2. Identify the Variables: Clearly identify the variables involved – income, savings, expenditure, and any changes in these. Write them down separately to avoid confusion.
3. Use Formulas: Know and use the correct formulas. For example:
   • Savings = Income - Expenditure
   • Expenditure = Income - Savings
   • Percentage = (Part / Whole) * 100
4. Work with Percentages: Be comfortable with percentages. Know how to calculate percentages of a number and how to increase or decrease a number by a certain percentage.
5. Break Down Complex Problems: If the problem seems complex, break it down into smaller, manageable steps. This will make it easier to solve and reduce the chances of errors.
6. Practice, Practice, Practice: The more you practice, the more confident you will become. Solve a variety of problems to understand the different types and how to approach them.

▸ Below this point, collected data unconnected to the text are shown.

Lemma max_value_dominant1 v :
  0 <= x2 v -> 0 <= x3 v -> 0 <= x4 v -> x2 v + x3 v + x4 v <= x1 v ->
  is_max_value v (x1 v / 27).
Proof.
  intros h2 h3 h4 hs; split.
  - exists (mk4 0 (1 / 3) (1 / 3) (1 / 3)); split.
    + unfold in_simplex; simpl; lra.
    + unfold Lv; simpl; field.
  - intros q Hq; apply Lv_dominant1_le; assumption.
Qed.

Definition swap14 (v : vec4) : vec4 := mk4 (x4 v) (x2 v) (x3 v) (x1 v).

Lemma Lv_swap14 v p : Lv (swap14 v) (swap14 p) = Lv v p.
Proof. unfold Lv, swap14; simpl; ring. Qed.

Lemma in_simplex_swap14 p : in_simplex p -> in_simplex (swap14 p).
Proof. unfold in_simplex, swap14; simpl; lra. Qed.

Lemma maximizer_dominant4 v p :
  0 <= x1 v -> 0 < x2 v -> 0 < x3 v -> x1 v + x2 v + x3 v <= x4 v ->
  is_maximizer v p -> x4 p = 0.
Proof.
  intros h1 h2 h3 hs [Hp Hmax].
  assert (Hface : x4 v / 27 <= Lv v p).
  { replace (x4 v / 27) with (Lv v (mk4 (1 / 3) (1 / 3) (1 / 3) 0))
      by (unfold Lv; simpl; field).
    apply Hmax; unfold in_simplex; simpl; lra. }
  apply (Lv_dominant1_eq (swap14 v) (swap14 p)); simpl; try lra.
  - apply in_simplex_swap14; assumption.
  - rewrite Lv_swap14; assumption.
Qed.

Lemma Lv_boundary_le v p :
  0 <= x1 v -> x1 v <= x2 v -> x2 v <= x3 v -> x3 v <= x4 v -> in_simplex p ->
  x1 p * x2 p * x3 p * x4 p = 0 -> Lv v p <= x4 v / 27.
Proof.
  destruct v as [v1 v2 v3 v4], p as [p1 p2 p3 p4]; unfold in_simplex, Lv; simpl.
  intros h1 h12 h23 h34 (g1 & g2 & g3 & g4 & gs) Hzero.
  pose proof (amgm3 p2 p3 p4 g2 g3 g4 ltac:(lra)).
  pose proof (amgm3 p1 p3 p4 g1 g3 g4 ltac:(lra)).
  pose proof (amgm3 p1 p2 p4 g1 g2 g4 ltac:(lra)).
  pose proof (amgm3 p1 p2 p3 g1 g2 g3 ltac:(lra)).
  repeat match goal with
         | H : _ * _ = 0 |- _ => apply Rmult_integral in H; destruct H as [H|H]
         end; subst; nra.
Qed.

(* The design ((1 - e)/3, (1 - e)/3, (1 - e)/3, e) with
   e = D / (2 D + 8 v4), D = v1 + v2 + v3 - v4, satisfies
   27 L_v - v4 = e (3 D (1 - e)^2 - v4 e (3 - 2 e)) > 0. *)
Lemma Lv_exceeds_face v :
  0 < x4 v -> x4 v < x1 v + x2 v + x3 v ->
  exists q, in_simplex q /\ x4 v / 27 < Lv v q.
Proof.
  destruct v as [v1 v2 v3 v4]; simpl; intros h4 hs.
  set (D := v1 + v2 + v3 - v4).
  assert (HD : 0 < D) by (unfold D; lra).
  set (e := D / (2 * D + 8 * v4)).
  assert (He0 : 0 < e) by (apply Rdiv_lt_0_compat; lra).
  assert (He1 : e <= 1 / 2).
  { unfold e; apply Rmult_le_reg_r with (2 * D + 8 * v4); [lra|].
    field_simplify; lra. }
  assert (He2 : 8 * v4 * e <= D).
  { unfold e; apply Rmult_le_reg_r with (2 * D + 8 * v4); [lra|].
    field_simplify; nra. }
  exists (mk4 ((1 - e) / 3) ((1 - e) / 3) ((1 - e) / 3) e); split.
  - unfold in_simplex; simpl; lra.
  - unfold Lv; simpl.
    assert (Hid : 27 * (v4 * ((1 - e) / 3) * ((1 - e) / 3) * ((1 - e) / 3)
       + v3 * ((1 - e) / 3) * ((1 - e) / 3) * e + v2 * ((1 - e) / 3) * ((1 - e) / 3) * e
       + v1 * ((1 - e) / 3) * ((1 - e) / 3) * e) - v4
       = e * (3 * D * (1 - e) ^ 2 - v4 * e * (3 - 2 * e))) by (unfold D; field).
    assert (3 * D / 4 <= 3 * D * (1 - e) ^ 2) by (assert (1 / 4 <= (1 - e) ^ 2) by nra; nra).
    assert (v4 * e * (3 - 2 * e) <= 3 * D / 8) by nra.
    assert (0 < e * (3 * D * (1 - e) ^ 2 - v4 * e * (3 - 2 * e)))
      by (apply Rmult_lt_0_compat; lra).
    lra.
Qed.

Lemma maximizer_interior v p :
  0 < x1 v -> x1 v <= x2 v -> x2 v <= x3 v -> x3 v <= x4 v ->
  x4 v < x1 v + x2 v + x3 v -> is_maximizer v p ->
  0 < x1 p /\ 0 < x2 p /\ 0 < x3 p /\ 0 < x4 p.
Proof.
  intros h1 h12 h23 h34 hs [Hp Hmax].
  assert (Hprod : x1 p * x2 p * x3 p * x4 p <> 0).
  { intros Hzero.
    destruct (Lv_exceeds_face v) as [q [Hq Hlt]]; try lra.
    pose proof (Hmax q Hq).
    pose proof (Lv_boundary_le v p ltac:(lra) h12 h23 h34 Hp Hzero).
    lra. }
  destruct Hp as (g1 & g2 & g3 & g4 & _).
  repeat split; apply Rnot_le_lt; intros Hle; apply Hprod;
    match goal with H : ?x <= 0 |- _ => replace x with 0 by lra end; ring.
Qed.

(* If x < y, moving both to their mean changes A x y + B x + C y by
   A ((y - x)/2)^2 + (B - C)(y - x)/2. *)
Lemma midpoint_increases A B C x y :
  0 < A -> C <= B -> x < y ->
  A * x * y + B * x + C * y < A * ((x + y) / 2) * ((x + y) / 2) + (B + C) * ((x + y) / 2).
Proof.
  intros HA HBC Hxy.
  assert (0 < A * ((y - x) / 2) ^ 2) by (apply Rmult_lt_0_compat; [|apply pow_lt]; lra).
  nra.
Qed.

(* For j = 2, 3, 4, L_v is of the form A p1 pj + B p1 + C pj with B = v_j (...),
   C = v1 (...), so averaging p1 and pj would improve a design with pj > p1. *)
Lemma maximizer_first_largest v p :
  0 < x1 v -> x1 v <= x2 v -> x1 v <= x3 v -> x1 v <= x4 v ->
  0 < x1 p -> 0 < x2 p -> 0 < x3 p -> 0 < x4 p -> is_maximizer v p ->
  x2 p <= x1 p /\ x3 p <= x1 p /\ x4 p <= x1 p.
Proof.
  destruct v as [v1 v2 v3 v4], p as [p1 p2 p3 p4]; unfold is_maximizer, in_simplex, Lv;
    simpl.
  intros h1 h2 h3 h4 g1 g2 g3 g4 [(_ & _ & _ & _ & gs) Hmax].
  repeat split; apply Rnot_lt_le; intros Hlt.
  - assert (HA : 0 < v4 * p3 + v3 * p4) by nra.
    assert (HBC : v1 * p3 * p4 <= v2 * p3 * p4)
      by (apply Rmult_le_compat_r; [lra|]; apply Rmult_le_compat_r; lra).
    pose proof (Hmax (mk4 ((p1 + p2) / 2) ((p1 + p2) / 2) p3 p4)) as Hm; simpl in Hm.
    pose proof (midpoint_increases _ _ _ p1 p2 HA HBC Hlt).
    specialize (Hm ltac:(repeat split; lra)); lra.
  - assert (HA : 0 < v4 * p2 + v2 * p4) by nra.
    assert (HBC : v1 * p2 * p4 <= v3 * p2 * p4)
      by (apply Rmult_le_compat_r; [lra|]; apply Rmult_le_compat_r; lra).
    pose proof (Hmax (mk4 ((p1 + p3) / 2) p2 ((p1 + p3) / 2) p4)) as Hm; simpl in Hm.
    pose proof (midpoint_increases _ _ _ p1 p3 HA HBC Hlt).
    specialize (Hm ltac:(repeat split; lra)); lra.
  - assert (HA : 0 < v3 * p2 + v2 * p3) by nra.
    assert (HBC : v1 * p2 * p3 <= v4 * p2 * p3)
      by (apply Rmult_le_compat_r; [lra|]; apply Rmult_le_compat_r; lra).
    pose proof (Hmax (mk4 ((p1 + p4) / 2) p2 p3 ((p1 + p4) / 2))) as Hm; simpl in Hm.
    pose proof (midpoint_increases _ _ _ p1 p4 HA HBC Hlt).
    specialize (Hm ltac:(repeat split; lra)); lra.
Qed.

7. Check Your Answers: Always double-check your answers. Make sure your answer makes sense in the context of the problem.
8. Time Management: In exams, time is of the essence. Practice solving problems within a time limit to improve your speed and accuracy.
9. Don't Panic: If you get stuck on a problem, don't panic. Take a deep breath, reread the question, and try a different approach.
10. Seek Help: Don't hesitate to ask for help from your teacher, classmates, or online resources if you're struggling with a concept.

By following these tips and practicing regularly, you’ll be well on your way to mastering these problems. Keep up the great work, and don't be afraid to ask questions. Good luck, and keep those math skills sharp!